In the case of the circuit in question, all these values are positive, so **there are no timing issues**. We can calculate the **maximum usable frequency** as:

$$f_{max} = \frac{1}{(32 - 2.305) \cdot 10^{-9}} \approx 33.7 \ MHz$$

The **critical path** is the following (Figure 8):



Figure 8: Critical Path

#### 4.3 Utilization

In Figure 9, we observe the circuit utilization percentages.

As shown, 35% of the utilization is attributed to the I/O. This is reasonable since both the input and output consist of 16 bits.

In the circuit, there is also a 15% utilization in the **DSP resources**, referring to the use of digital signal processing resources present on the FPGA. These DSP resources are dedicated to implementing mathematical operations and algorithms typical in digital signal processing applications, such as multiplications and additions. Given that the circuit is rich in these features, this percentage is considered reasonable.



Figure 9: Utilization Summary

# 4.4 Power Consumption

Regarding power consumption, the result shown in Figure 10 has been obtained.
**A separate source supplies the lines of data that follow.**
(* Let $k \geq 2$ and let $a_1,\ldots,a_k$ be integers, all nonzero and all of the same sign. Let $\mathit{min}_1,\ldots,\mathit{min}_k \in \mathbb{Z}$. Fix an integer $i$ with $1 \leq i < k$, and let $\mathit{max}_i \in \mathbb{Z}$ with $n_i := \mathit{max}_i - \mathit{min}_i > 0$. Let $X \subseteq \mathbb{Z}^k$ be a set such that every $(x_1,\ldots,x_k) \in X$ satisfies $\mathit{min}_j \leq x_j$ for all $1 \leq j \leq k$ and $x_i < \mathit{max}_i$. Suppose that for all $(x_1,\ldots,x_k) \in X$, $$\forall i' \in \mathbb{Z},\ 1 \leq i' < i \Rightarrow \sum_{j=1}^{i'} |a_j|\,(x_j - \mathit{min}_j) < |a_{i'+1}|,$$ and suppose that either $n_i \cdot a_i = a_{i+1}$ or $|a_i| \cdot n_i \leq |a_{i+1}|$. Then for all $(x_1,\ldots,x_k) \in X$, $$\sum_{j=1}^{i} |a_j|\,(x_j - \mathit{min}_j) < |a_{i+1}|.$$
   Context: All quantities are integers; $|\cdot|$ denotes absolute value. *)

(* integers Z; vectors in Z^k are functions nat -> Z, indexed 1..k. *)
From Stdlib Require Import ZArith Lia.
Open Scope Z_scope.

Fixpoint wsum (a mn x : nat -> Z) (m : nat) : Z :=
  match m with
  | O => 0
  | S m' => wsum a mn x m' + Z.abs (a m) * (x m - mn m)
  end.

From Stdlib Require Import ZArith Lia.
Open Scope Z_scope.

(* The bound is the carry rule of a mixed-radix numeral: by hypothesis the
   first i-1 weighted digits stay below |a_i|, and the i-th digit is at most
   n_i - 1, so the first i weighted digits stay below
   |a_i| + |a_i| (n_i - 1) = |a_i| n_i <= |a_(i+1)|. *)

Lemma abs_mul_le_of_mul_eq (n p q : Z) :
  0 <= n -> n * p = q -> Z.abs p * n <= Z.abs q.
Proof.
  intros Hn <-.
  rewrite Z.abs_mul, (Z.abs_eq n) by exact Hn.
  lia.
Qed.

Lemma wsum_succ_lt (a mn x : nat -> Z) (m : nat) (mx c : Z) :
  wsum a mn x m < Z.abs (a (S m)) ->
  mn (S m) <= x (S m) < mx ->
  Z.abs (a (S m)) * (mx - mn (S m)) <= c ->
  wsum a mn x (S m) < c.
Proof.
  intros Hprefix Hdigit Hc; simpl.
  assert (Hlast : Z.abs (a (S m)) * (x (S m) - mn (S m))
                  <= Z.abs (a (S m)) * (mx - mn (S m) - 1)).
  { apply Z.mul_le_mono_nonneg_l; lia. }
  lia.
Qed.

Theorem lemma1 (k : nat) (a mn : nat -> Z) (i : nat) (mx_i : Z)
    (X : (nat -> Z) -> Prop)
    (hk : (2 <= k)%nat)
    (ha_nz : forall j, (1 <= j <= k)%nat -> a j <> 0)
    (ha_sign : (forall j, (1 <= j <= k)%nat -> 0 < a j) \/
               (forall j, (1 <= j <= k)%nat -> a j < 0))
    (hi : (1 <= i < k)%nat)
    (hn : mx_i - mn i > 0)
    (hX : forall x, X x ->
       (forall j, (1 <= j <= k)%nat -> mn j <= x j) /\ x i < mx_i)
    (hprev : forall x, X x ->
       forall i' : nat, (1 <= i' < i)%nat ->
         wsum a mn x i' < Z.abs (a (S i')))
    (hcase : (mx_i - mn i) * a i = a (S i) \/
             Z.abs (a i) * (mx_i - mn i) <= Z.abs (a (S i))) :
  forall x, X x -> wsum a mn x i < Z.abs (a (S i)).
Proof.
  intros x Hx.
  destruct (hX x Hx) as [Hmin Hlt].
  destruct i as [|m]; [lia|].
  apply (wsum_succ_lt a mn x m mx_i).
  - destruct m as [|m].
    + pose proof (ha_nz 1%nat ltac:(lia)); simpl; lia.
    + apply (hprev x Hx); lia.
  - split; [apply Hmin; lia | exact Hlt].
  - destruct hcase as [Heq | Hle]; [|exact Hle].
    apply abs_mul_le_of_mul_eq; [lia | exact Heq].
Qed.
It is noted that the total power consumed by the circuit is 0.125 W, with 26% attributable to dynamic power and the remaining 74% to static power.



Figure 10: Power Summary

# 4.5 Area Occupation

In the Figure 11, the area occupied by the circuit is shown.



Figure 11: Area Occupation

# 4.6 Warnings and Errors

Finally, no warnings or error messages were detected throughout the synthesis and implementation phase, as shown in the Figure 12.



Figure 12: Synthesis and Implementations Error or Warning Messages

# 5 Conclusions

In conclusion, this project involved implementing an **FIR Filter SRRC**. This process began with simplifying the design and selecting a coefficient representation. Subsequently, it was translated into VHDL and concretely realized. Finally, the circuit's characteristics were analyzed through the Vivado software.

A potential **optimization** for the circuit, aimed at increasing the maximum usable frequency, could involve dividing the combinatorial network formed by adders and multipliers using D-Flip-Flops to create a pipeline. However, this would result in an increase in the delay between input modification and output update.